**** DATASET ENTRIES
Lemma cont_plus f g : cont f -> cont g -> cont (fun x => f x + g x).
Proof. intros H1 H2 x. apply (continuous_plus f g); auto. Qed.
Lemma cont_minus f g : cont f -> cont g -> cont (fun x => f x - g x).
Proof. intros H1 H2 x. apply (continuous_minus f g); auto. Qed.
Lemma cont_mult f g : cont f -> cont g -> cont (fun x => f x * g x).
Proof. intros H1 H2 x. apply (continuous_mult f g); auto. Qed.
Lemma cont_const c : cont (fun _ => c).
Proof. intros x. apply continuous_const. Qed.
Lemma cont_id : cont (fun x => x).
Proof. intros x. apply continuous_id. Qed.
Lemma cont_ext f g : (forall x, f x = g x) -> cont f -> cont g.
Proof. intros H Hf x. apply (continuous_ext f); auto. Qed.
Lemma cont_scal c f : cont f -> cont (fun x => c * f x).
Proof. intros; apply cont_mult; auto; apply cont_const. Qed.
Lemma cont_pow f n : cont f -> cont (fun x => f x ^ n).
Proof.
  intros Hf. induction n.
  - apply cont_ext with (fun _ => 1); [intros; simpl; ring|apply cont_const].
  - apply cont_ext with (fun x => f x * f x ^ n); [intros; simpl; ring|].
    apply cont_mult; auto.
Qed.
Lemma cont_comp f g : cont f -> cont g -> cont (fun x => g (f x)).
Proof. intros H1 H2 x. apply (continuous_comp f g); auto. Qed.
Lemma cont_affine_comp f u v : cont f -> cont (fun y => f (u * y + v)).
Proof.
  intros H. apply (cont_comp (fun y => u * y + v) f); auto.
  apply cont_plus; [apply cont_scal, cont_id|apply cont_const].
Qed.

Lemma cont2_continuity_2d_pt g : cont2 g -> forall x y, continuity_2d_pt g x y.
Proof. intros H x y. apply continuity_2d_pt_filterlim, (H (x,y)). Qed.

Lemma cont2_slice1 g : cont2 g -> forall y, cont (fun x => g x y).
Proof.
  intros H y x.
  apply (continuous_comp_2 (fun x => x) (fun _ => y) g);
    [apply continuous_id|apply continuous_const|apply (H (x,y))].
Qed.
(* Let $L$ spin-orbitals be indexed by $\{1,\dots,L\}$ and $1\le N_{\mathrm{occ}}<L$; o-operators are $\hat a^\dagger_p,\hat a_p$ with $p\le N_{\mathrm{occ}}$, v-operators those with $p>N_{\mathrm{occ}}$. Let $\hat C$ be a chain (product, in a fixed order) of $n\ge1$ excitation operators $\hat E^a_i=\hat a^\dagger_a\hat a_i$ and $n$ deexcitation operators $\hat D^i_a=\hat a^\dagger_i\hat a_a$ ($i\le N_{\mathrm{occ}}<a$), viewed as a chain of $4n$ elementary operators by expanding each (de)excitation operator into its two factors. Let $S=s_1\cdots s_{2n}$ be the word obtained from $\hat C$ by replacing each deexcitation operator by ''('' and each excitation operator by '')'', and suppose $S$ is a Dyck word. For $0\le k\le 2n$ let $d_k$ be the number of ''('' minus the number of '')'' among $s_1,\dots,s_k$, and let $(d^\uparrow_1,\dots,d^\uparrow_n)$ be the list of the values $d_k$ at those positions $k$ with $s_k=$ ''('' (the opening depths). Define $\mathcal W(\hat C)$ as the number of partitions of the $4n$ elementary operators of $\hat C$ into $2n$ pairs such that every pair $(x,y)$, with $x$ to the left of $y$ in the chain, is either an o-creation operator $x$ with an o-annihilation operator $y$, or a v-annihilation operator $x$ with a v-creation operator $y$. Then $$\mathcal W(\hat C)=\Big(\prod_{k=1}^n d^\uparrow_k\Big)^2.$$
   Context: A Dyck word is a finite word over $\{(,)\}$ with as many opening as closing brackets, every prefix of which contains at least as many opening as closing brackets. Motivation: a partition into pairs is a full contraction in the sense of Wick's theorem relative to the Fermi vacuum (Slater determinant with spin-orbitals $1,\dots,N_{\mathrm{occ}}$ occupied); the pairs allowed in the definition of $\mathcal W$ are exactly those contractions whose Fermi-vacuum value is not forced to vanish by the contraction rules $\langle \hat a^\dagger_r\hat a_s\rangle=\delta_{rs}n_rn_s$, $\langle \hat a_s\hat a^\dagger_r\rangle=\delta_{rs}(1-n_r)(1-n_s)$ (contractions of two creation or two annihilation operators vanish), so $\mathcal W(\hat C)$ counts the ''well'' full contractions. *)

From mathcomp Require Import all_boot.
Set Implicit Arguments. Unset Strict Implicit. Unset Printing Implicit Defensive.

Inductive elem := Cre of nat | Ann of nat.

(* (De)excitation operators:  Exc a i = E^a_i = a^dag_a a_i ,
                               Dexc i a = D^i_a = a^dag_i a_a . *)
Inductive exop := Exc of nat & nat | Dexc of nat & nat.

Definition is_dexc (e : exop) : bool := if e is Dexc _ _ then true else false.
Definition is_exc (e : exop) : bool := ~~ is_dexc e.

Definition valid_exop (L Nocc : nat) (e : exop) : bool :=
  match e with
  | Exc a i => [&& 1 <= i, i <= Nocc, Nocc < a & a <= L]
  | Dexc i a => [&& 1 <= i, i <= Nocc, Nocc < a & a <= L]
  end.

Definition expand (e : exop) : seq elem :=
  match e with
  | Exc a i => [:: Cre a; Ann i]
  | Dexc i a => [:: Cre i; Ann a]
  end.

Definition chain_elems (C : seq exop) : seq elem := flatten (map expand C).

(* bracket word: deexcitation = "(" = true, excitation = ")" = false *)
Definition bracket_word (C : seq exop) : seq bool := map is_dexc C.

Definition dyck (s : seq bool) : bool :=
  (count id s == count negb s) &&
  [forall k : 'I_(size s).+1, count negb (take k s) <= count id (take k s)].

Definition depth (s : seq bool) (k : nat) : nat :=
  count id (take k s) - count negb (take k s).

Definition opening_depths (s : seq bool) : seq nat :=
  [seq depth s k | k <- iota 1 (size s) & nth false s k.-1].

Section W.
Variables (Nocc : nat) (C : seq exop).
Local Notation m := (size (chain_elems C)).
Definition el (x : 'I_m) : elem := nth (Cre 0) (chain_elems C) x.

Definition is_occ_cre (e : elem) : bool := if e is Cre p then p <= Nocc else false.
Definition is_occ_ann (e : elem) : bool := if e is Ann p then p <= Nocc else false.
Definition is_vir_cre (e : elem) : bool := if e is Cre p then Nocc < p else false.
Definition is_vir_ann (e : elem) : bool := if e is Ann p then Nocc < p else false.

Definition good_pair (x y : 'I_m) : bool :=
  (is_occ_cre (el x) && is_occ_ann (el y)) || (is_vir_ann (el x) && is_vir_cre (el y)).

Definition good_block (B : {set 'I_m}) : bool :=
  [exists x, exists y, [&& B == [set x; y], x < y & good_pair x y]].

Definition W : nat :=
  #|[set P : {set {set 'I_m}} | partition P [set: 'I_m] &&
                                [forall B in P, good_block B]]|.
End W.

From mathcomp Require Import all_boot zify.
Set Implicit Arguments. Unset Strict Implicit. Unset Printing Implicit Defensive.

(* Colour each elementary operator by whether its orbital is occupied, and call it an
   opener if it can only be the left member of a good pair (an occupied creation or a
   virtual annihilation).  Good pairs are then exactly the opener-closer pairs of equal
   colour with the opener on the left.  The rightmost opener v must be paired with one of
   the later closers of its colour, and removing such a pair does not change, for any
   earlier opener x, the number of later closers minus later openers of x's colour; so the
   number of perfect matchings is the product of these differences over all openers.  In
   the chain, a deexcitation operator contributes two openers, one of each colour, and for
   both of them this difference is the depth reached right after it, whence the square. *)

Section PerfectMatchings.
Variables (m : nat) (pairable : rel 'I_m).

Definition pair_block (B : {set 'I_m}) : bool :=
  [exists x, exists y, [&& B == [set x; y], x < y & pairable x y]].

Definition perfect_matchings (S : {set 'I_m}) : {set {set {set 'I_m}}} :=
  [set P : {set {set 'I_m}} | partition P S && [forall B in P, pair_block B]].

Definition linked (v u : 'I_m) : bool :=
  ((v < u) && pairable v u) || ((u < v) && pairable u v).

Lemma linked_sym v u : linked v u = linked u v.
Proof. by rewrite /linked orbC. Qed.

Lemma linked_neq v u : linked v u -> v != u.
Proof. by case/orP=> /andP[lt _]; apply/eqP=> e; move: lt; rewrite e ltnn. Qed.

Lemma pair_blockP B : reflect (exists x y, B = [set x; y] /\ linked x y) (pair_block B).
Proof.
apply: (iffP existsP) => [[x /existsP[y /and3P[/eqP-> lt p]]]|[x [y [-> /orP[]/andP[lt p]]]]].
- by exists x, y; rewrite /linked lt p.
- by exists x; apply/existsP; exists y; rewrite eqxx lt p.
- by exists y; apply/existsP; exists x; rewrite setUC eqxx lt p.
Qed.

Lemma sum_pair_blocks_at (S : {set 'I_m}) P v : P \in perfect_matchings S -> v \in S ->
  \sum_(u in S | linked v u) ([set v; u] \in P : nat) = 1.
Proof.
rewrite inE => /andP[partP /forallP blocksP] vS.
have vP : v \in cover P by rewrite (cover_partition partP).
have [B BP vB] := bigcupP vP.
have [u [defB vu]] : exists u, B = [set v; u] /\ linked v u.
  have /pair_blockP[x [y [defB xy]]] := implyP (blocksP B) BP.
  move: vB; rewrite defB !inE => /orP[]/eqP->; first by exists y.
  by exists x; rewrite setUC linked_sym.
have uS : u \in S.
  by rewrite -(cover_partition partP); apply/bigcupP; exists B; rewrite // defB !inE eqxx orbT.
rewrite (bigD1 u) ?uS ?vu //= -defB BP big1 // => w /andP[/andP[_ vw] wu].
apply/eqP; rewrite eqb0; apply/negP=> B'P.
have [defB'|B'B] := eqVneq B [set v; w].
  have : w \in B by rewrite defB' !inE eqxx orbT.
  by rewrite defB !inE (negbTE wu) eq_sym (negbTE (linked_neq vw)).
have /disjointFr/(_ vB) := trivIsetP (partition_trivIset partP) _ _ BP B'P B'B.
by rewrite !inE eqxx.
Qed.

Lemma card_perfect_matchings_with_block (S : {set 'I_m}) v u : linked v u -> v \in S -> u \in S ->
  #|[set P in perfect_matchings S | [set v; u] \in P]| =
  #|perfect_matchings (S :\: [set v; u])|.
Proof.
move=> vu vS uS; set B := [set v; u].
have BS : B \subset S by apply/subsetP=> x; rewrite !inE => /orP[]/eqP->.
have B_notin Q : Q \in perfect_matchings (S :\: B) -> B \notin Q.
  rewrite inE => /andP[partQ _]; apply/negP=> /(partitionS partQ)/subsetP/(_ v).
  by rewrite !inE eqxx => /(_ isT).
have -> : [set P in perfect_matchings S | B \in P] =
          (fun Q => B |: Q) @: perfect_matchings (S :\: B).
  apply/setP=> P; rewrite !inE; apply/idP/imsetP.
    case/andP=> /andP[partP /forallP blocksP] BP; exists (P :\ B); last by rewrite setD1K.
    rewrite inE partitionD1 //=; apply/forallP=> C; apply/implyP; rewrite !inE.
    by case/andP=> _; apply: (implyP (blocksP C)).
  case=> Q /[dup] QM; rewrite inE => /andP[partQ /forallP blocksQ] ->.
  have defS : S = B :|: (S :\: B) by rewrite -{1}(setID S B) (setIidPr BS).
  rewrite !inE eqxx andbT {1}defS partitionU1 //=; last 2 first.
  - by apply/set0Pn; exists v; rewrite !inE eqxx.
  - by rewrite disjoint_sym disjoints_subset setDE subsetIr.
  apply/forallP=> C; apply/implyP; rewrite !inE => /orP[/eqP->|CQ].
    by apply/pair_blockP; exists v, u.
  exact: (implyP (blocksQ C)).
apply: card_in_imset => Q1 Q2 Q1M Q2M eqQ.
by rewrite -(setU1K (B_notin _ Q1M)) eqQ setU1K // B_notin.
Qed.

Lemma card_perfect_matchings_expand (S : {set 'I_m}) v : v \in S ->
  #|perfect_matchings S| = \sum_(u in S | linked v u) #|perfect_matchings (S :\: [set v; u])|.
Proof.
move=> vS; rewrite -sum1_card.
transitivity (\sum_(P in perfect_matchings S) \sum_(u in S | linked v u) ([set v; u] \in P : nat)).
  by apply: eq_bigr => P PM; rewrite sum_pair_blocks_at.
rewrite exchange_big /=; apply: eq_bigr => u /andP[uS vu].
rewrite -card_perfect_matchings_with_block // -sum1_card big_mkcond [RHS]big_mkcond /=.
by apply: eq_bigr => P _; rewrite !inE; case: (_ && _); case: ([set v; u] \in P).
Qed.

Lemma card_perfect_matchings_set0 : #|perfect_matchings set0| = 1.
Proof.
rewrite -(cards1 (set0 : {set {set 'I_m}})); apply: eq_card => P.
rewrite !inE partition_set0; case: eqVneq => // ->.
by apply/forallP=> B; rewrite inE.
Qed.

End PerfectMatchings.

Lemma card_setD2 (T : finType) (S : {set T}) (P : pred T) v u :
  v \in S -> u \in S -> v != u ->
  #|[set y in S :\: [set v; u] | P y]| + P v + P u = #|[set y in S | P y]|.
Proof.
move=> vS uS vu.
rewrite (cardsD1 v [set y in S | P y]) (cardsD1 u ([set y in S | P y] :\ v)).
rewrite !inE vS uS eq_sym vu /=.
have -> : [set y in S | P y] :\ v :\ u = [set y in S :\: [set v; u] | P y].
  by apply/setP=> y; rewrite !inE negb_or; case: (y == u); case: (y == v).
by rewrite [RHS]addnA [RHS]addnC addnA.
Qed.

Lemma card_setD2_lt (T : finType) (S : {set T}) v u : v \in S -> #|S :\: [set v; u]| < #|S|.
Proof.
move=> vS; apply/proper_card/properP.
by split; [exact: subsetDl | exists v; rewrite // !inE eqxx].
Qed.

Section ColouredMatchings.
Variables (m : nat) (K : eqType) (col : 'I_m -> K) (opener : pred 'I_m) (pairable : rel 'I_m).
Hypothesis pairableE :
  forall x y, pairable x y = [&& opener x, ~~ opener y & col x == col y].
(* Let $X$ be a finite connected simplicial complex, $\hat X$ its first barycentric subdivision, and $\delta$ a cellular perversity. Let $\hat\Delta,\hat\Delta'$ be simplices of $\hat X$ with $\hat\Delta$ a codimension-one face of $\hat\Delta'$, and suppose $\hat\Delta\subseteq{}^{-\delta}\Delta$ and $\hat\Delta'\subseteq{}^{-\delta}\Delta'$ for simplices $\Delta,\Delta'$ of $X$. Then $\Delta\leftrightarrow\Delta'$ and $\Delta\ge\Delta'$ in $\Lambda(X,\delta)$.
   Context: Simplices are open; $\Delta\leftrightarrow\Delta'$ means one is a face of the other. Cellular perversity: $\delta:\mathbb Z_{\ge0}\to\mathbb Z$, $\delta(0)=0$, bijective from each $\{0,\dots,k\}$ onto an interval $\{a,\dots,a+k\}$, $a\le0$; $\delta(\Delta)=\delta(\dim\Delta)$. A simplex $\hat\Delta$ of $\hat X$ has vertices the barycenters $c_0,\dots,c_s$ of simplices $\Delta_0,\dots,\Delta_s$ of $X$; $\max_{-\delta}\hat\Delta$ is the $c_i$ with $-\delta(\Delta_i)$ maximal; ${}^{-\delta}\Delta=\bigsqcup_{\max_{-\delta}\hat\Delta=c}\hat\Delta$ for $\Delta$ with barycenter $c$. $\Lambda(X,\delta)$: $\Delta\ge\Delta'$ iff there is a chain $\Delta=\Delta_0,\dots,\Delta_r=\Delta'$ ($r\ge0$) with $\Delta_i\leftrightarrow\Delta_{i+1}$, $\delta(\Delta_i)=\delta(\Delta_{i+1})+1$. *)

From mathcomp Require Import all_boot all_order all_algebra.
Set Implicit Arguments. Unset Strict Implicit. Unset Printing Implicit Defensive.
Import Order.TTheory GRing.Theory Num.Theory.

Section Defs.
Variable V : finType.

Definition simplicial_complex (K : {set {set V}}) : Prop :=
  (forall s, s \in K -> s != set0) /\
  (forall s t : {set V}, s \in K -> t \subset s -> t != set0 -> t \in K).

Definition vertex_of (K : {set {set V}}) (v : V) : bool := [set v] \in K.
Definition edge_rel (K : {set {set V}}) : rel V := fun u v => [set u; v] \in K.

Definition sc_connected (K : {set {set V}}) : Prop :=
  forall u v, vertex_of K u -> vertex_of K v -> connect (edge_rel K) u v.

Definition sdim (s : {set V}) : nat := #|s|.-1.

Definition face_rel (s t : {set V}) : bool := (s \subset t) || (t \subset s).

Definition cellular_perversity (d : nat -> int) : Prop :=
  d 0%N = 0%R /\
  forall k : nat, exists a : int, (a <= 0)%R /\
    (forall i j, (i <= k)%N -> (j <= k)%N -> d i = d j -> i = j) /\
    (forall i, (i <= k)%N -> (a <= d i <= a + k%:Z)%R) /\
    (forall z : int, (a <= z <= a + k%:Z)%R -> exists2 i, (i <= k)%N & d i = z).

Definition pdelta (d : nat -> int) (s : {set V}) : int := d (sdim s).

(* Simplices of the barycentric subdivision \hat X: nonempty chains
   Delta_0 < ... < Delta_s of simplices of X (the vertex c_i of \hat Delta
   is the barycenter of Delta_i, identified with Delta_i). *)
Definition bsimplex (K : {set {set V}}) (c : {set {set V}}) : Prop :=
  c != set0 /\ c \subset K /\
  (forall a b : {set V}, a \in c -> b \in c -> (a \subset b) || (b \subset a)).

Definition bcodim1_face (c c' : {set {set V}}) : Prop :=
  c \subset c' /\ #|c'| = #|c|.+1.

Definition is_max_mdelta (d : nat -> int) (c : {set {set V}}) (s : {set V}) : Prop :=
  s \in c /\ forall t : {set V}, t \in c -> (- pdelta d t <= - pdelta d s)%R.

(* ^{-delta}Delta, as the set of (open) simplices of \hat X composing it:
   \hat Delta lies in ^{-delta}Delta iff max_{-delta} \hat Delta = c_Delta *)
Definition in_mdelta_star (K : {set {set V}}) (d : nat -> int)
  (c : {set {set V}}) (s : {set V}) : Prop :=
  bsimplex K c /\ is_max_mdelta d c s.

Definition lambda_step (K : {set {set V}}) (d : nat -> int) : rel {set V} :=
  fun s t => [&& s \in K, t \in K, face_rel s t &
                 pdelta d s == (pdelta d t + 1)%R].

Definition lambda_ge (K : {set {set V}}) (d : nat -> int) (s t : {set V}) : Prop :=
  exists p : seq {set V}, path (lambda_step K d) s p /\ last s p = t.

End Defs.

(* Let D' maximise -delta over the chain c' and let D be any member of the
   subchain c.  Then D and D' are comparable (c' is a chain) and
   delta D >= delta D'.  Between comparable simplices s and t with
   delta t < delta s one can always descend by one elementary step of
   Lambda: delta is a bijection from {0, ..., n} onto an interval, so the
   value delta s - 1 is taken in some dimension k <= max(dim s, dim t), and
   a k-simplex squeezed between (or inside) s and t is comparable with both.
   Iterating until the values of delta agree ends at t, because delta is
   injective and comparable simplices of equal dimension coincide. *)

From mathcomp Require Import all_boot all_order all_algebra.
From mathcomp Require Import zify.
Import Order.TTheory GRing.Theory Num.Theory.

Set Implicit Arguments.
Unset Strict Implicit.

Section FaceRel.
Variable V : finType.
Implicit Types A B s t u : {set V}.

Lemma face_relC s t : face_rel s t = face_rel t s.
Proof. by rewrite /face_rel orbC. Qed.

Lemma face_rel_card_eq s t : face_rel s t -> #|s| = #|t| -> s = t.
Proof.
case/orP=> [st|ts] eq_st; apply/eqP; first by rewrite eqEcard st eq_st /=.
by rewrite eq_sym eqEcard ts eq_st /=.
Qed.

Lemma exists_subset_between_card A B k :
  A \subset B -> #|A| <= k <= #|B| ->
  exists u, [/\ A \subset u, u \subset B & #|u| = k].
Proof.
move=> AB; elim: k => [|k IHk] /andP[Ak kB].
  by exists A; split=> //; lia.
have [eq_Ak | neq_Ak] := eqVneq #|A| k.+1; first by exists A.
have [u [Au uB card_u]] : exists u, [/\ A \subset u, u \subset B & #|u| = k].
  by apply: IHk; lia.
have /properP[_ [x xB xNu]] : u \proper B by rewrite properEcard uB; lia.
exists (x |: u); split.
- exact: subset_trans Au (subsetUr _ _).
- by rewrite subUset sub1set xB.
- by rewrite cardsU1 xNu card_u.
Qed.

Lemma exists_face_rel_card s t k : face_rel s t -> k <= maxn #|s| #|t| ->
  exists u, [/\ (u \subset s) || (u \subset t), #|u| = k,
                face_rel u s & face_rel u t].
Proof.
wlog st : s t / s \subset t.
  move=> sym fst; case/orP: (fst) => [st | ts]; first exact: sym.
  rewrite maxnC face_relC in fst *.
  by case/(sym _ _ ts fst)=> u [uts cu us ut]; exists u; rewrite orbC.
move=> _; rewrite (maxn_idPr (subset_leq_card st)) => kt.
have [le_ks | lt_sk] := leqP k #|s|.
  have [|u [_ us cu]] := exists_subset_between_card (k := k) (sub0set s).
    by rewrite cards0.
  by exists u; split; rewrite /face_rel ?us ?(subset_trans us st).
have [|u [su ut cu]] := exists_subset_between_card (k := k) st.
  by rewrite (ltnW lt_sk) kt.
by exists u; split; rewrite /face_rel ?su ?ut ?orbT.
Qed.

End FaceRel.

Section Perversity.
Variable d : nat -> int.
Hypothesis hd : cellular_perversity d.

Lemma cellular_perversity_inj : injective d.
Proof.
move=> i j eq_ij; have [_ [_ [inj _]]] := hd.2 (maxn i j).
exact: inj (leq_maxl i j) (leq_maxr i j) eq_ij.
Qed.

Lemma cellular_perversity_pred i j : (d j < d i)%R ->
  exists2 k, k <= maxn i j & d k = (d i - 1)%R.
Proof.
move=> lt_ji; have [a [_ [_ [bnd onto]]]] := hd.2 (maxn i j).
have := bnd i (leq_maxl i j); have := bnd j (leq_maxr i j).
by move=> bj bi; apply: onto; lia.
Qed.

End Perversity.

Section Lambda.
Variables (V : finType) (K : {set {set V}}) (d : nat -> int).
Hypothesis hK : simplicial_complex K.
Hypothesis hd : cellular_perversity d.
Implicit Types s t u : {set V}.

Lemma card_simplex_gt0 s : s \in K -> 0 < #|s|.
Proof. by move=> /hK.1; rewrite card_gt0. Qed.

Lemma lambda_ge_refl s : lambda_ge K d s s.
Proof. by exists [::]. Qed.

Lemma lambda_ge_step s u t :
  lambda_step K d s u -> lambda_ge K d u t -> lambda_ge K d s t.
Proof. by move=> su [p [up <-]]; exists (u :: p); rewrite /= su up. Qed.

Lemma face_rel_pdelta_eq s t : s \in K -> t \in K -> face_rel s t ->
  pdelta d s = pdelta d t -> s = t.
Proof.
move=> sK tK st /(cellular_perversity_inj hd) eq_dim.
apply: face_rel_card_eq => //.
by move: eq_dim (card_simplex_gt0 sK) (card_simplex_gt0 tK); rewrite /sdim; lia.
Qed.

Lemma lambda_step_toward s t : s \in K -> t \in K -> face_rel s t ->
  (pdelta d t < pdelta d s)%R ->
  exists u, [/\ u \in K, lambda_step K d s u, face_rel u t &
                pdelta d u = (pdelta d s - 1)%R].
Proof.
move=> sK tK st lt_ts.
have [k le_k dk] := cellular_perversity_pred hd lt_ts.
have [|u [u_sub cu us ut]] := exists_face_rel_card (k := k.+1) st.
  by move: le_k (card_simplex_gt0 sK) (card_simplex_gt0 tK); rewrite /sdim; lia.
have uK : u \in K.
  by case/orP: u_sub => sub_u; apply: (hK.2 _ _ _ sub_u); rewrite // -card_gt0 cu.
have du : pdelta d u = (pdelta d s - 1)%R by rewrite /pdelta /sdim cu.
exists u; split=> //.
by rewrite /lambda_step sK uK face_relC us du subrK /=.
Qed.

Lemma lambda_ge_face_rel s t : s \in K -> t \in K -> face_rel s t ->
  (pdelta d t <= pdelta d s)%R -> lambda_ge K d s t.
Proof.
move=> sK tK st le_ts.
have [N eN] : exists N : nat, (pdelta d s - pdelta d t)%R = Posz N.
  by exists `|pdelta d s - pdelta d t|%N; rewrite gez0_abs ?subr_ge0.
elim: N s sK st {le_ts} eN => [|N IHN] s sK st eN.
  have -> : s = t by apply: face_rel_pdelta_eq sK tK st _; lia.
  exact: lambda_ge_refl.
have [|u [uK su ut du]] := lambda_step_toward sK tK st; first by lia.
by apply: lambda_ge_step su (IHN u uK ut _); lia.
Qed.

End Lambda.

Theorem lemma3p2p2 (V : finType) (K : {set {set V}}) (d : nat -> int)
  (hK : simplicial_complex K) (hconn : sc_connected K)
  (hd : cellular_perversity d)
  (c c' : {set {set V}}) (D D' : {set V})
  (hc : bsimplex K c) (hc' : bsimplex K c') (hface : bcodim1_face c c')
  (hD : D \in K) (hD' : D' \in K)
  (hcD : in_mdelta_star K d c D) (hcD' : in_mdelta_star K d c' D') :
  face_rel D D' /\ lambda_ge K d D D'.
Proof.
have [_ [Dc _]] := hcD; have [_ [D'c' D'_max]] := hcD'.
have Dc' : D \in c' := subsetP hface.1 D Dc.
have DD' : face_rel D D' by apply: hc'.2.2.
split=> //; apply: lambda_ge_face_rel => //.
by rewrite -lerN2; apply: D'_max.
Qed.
********
# TASK:
Your task is to repeat the records exactly. Begin at their first line and stop after the line containing "Proof. intros H1 H2 x. apply (continuous_mult".

# RESULT OF THIS TASK:
Lemma cont_plus f g : cont f -> cont g -> cont (fun x => f x + g x).
Proof. intros H1 H2 x. apply (continuous_plus f g); auto. Qed.
Lemma cont_minus f g : cont f -> cont g -> cont (fun x => f x - g x).
Proof. intros H1 H2 x. apply (continuous_minus f g); auto. Qed.
Lemma cont_mult f g : cont f -> cont g -> cont (fun x => f x * g x).
Proof. intros H1 H2 x. apply (continuous_mult f g); auto. Qed.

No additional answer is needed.